Is Sycamore barking up the wrong tree?

Private equity investors and competitors are either scratching their heads at Sycamore’s purchase of brick-and-mortar retailer Staples or see its founder Stefan Kaluzny as a 'brilliant inventive contrarian'.

The largest buyout so far this year, Sycamore's $6.9 billion take-private transaction of office supply retailer Staples, put the retail- and consumer-focused firm on the private equity map.

“It's a huge deal in a space that is obviously experiencing a paradigm shift,” said one fund of funds that is not an investor with Sycamore. “I don't get it.”

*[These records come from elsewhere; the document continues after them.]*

(* Assume the standing setup below and additionally $n\ge 2s-2r+1$. Then for every integer $i$ with $0\le i\le s-2r+1$, \[ \binom{n-1}{i}+\binom{n-1}{i+1}+\cdots+\binom{n-1}{i+2r-1}+\dim\left(\frac{\langle L_H: H\in \bigcup_{j=i}^{s}\mathbb{P}_j(X)\rangle}{\langle L_H: H\in \bigcup_{j=i}^{i+2r-1}\mathbb{P}_j(X)\rangle}\right) \le \binom{n-1}{s-2r+1}+\binom{n-1}{s-2r+2}+\cdots+\binom{n-1}{s}, \] where $\langle S\rangle$ is the $\mathbb{F}_p$-span of $S$ and the fraction denotes the quotient vector space.
   Context: Standing setup: $p$ is a prime; $K=\{k_1,\ldots,k_r\}$ and $L=\{l_1,\ldots,l_s\}$ are disjoint subsets of $\{0,1,\ldots,p-1\}$; $\mathcal{A}=\{A_1,\ldots,A_m\}$ is a family of distinct subsets of $[n]$ with $|A_i|\pmod p\in K$ for all $i$ and $|A_i\cap A_j|\pmod p\in L$ for all $i\ne j$. Let $X=[n-1]$. Associate a variable $x_i$ to each $A_i$, and for each $I\subseteq X$ define the linear form over $\mathbb{F}_p$: $L_I=\sum_{i:\ I\subseteq A_i} x_i$. For $j\ge0$, $\mathbb{P}_j(X)$ is the set of $j$-element subsets of $X$. *)

From HB Require Import structures.
From mathcomp Require Import all_boot all_order all_algebra.
Set Implicit Arguments. Unset Strict Implicit. Unset Printing Implicit Defensive.
Import GRing.Theory.
Local Open Scope ring_scope.

(* Ground set [n] is modelled by 'I_n (elements 0..n-1);
   X = [n-1] is the set of the first n-1 elements. *)
Definition Xset (n : nat) : {set 'I_n} := [set x : 'I_n | (val x < n.-1)%N].

(* The linear form L_I = sum_{i : I subset A_i} x_i over F_p, as a row vector
   of coefficients in the m variables x_1..x_m (x_i <-> delta_mx 0 i). *)
Definition Lform (p n m : nat) (A : 'I_m -> {set 'I_n}) (I : {set 'I_n})
  : 'rV['F_p]_m :=
  \sum_(i < m | I \subset A i) delta_mx 0 i.

(* Union of P_j(X) for lo <= j < hi (half-open, so empty ranges are handled exactly). *)
Definition layers (n lo hi : nat) : {set {set 'I_n}} :=
  [set I : {set 'I_n} | (I \subset Xset n) && (lo <= #|I| < hi)%N].

Definition Lspan (p n m : nat) (A : 'I_m -> {set 'I_n}) (lo hi : nat)
  : {vspace 'rV['F_p]_m} :=
  <<[seq Lform p A H | H <- enum (layers n lo hi)]>>%VS.

(* dim (U / V) for a subspace V of U. *)
Definition quot_dim (F : fieldType) (vT : vectType F) (U V : {vspace vT}) : nat :=
  (\dim U - \dim V)%N.

From HB Require Import structures.
From mathcomp Require Import all_boot all_order all_algebra.
From mathcomp Require Import zify.
Set Implicit Arguments. Unset Strict Implicit. Unset Printing Implicit Defensive.
Import GRing.Theory.
Local Open Scope ring_scope.

(* Let k = t + 2r < p.  For a t-subset T of X, the sum [Lsup T k] of the forms L_J
   over the k-subsets J of X containing T has x_a-coefficient binom(|A_a :&: X| - t, 2r).
   This is a polynomial of degree 2r in |A_a :&: X| - t, whose argument only takes the
   values k_j - t and k_j - 1 - t modulo p; reducing modulo the polynomial vanishing
   there turns it into a combination of binom(_, q) with q < 2r, so [Lsup T k] already
   lies in the span of the layers t, ..., k - 1.  By Wilson's theorem the inclusion
   matrix of t-subsets versus k-subsets of the (n-1)-set X has rank binom(n-1, t) over
   F_p, so adding the layer k raises the dimension by at most
   binom(n-1, k) - binom(n-1, t).  Summing over k = i + 2r, ..., s telescopes to the
   claimed inequality. *)

Section SubsetSums.
Variable T : finType.
Implicit Types (A B K S U : {set T}) (j : T).

Definition subset_sum (R : nmodType) (t : nat) (y : {set T} -> R) K : R :=
  \sum_(A : {set T} | (A \subset K) && (#|A| == t)) y A.

Lemma subset_sum_id (R : nmodType) t (y : {set T} -> R) K :
  #|K| = t -> subset_sum t y K = y K.
Proof.
move=> cardK; rewrite /subset_sum (big_pred1 K) // => A /=.
rewrite eqEcard -cardK; apply/andP/andP => [[sAK /eqP->]|[sAK le_KA]] //.
by rewrite eqn_leq le_KA subset_leq_card.
Qed.

Lemma subset_sum0 (R : nmodType) (y : {set T} -> R) K :
  subset_sum 0 y K = y set0.
Proof.
rewrite /subset_sum (big_pred1 set0) // => A /=.
by rewrite cards_eq0 andbC; case: eqP => // ->; rewrite sub0set.
Qed.

Lemma subset_sum_mem (R : nmodType) t (y : {set T} -> R) K j : j \in K ->
  \sum_(A : {set T} | (A \subset K) && (#|A| == t.+1) && (j \in A)) y A =
  subset_sum t (fun B => y (j |: B)) (K :\ j).
Proof.
move=> jK; rewrite /subset_sum (reindex_onto (fun B => j |: B) (fun A => A :\ j)); last first.
  by move=> A /andP[_ jA]; rewrite setD1K.
apply: eq_bigl => B; case jB: (j \in B).
  have -> : ((j |: B) :\ j == B) = false.
    by apply/negbTE/negP => /eqP E; move: jB; rewrite -E !inE eqxx.
  by rewrite andbF subsetD1 jB !andbF.
rewrite setU1K ?jB // eqxx andbT setU11 andbT cardsU1 jB add1n eqSS subsetD1 jB andbT.
by rewrite subUset sub1set jK.
Qed.

Lemma subset_sumS (R : nmodType) t (y : {set T} -> R) K j : j \in K ->
  subset_sum t.+1 y K =
  subset_sum t.+1 y (K :\ j) + subset_sum t (fun B => y (j |: B)) (K :\ j).
Proof.
move=> jK; rewrite /subset_sum (bigID (fun A => j \in A)) /= addrC subset_sum_mem //.
congr (_ + _); apply: eq_bigl => A.
by rewrite subsetD1 -andbA [(_ == _) && _]andbC andbA.
Qed.

Definition drop_sum (R : nmodType) (z : {set T} -> R) A : R := \sum_(j in A) z (A :\ j).

Lemma subset_sum_drop_sum (R : pzSemiRingType) q (z : {set T} -> R) S :
  subset_sum q.+1 (drop_sum z) S = (#|S| - q)%:R * subset_sum q z S.
Proof.
rewrite /subset_sum /drop_sum.
transitivity (\sum_(A : {set T} | (A \subset S) && (#|A| == q.+1))
                \sum_(j in S | j \in A) z (A :\ j)).
  apply: eq_bigr => A /andP[sAS _]; apply: eq_bigl => j.
  by case jA: (j \in A); rewrite ?andbF // (subsetP sAS).
rewrite (exchange_big_dep (mem S)) /=; last by move=> A j _ /andP[].
transitivity (\sum_(j in S)
    \sum_(B : {set T} | (B \subset S) && (#|B| == q) && (j \notin B)) z B).
  apply: eq_bigr => j jS; rewrite (eq_bigl (fun A : {set T} =>
     (A \subset S) && (#|A| == q.+1) && (j \in A))) => [|A]; last by rewrite jS.
  rewrite subset_sum_mem //; apply: eq_big => [B|B /andP[]].
    by rewrite subsetD1 -!andbA [(j \notin B) && _]andbC.
  by rewrite subsetD1 => /andP[_ jB] _; rewrite setU1K.
rewrite (exchange_big_dep (fun B : {set T} => (B \subset S) && (#|B| == q))) /=;
  last by move=> j B _ /andP[].
rewrite mulr_sumr; apply: eq_bigr => B /andP[sBS /eqP cardB].
rewrite (eq_bigl (mem (S :\: B))) => [|j]; last by rewrite !inE sBS cardB eqxx andbC.
by rewrite sumr_const mulr_natl cardsDS // cardB.
Qed.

“He's a brilliant, inventive contrarian investor who's been terrifically successful,” said the founder of a New York-based consumer-focused firm, of his Sycamore counterpart Stefan Kaluzny.

Kaluzny founded the New York-based firm in 2011 after leaving Golden Gate Capital, which focuses on several verticals including technology, industrials, financial services and retail and consumer. His first fund, Sycamore Partners, quickly closed on $1 billion ahead of its $750 million target. Sycamore Partners II closed on $2.5 billion in 2014.

Investors in the firm include Regents of the University of California, Allstate Investments, Virginia Retirement System, Lockheed Martin Pension Plan, and West Virginia Investment Management Board, according to a placement agent source familiar with the firm. The bulk of public pension plan money is in Fund II.

Fund I has performed very well for investors. As of 31 December, it had generated a 57.6 percent net internal rate of return and a 4x investment multiple, according to data from the Regents of the University of California. It is too early to tell how Fund II is performing.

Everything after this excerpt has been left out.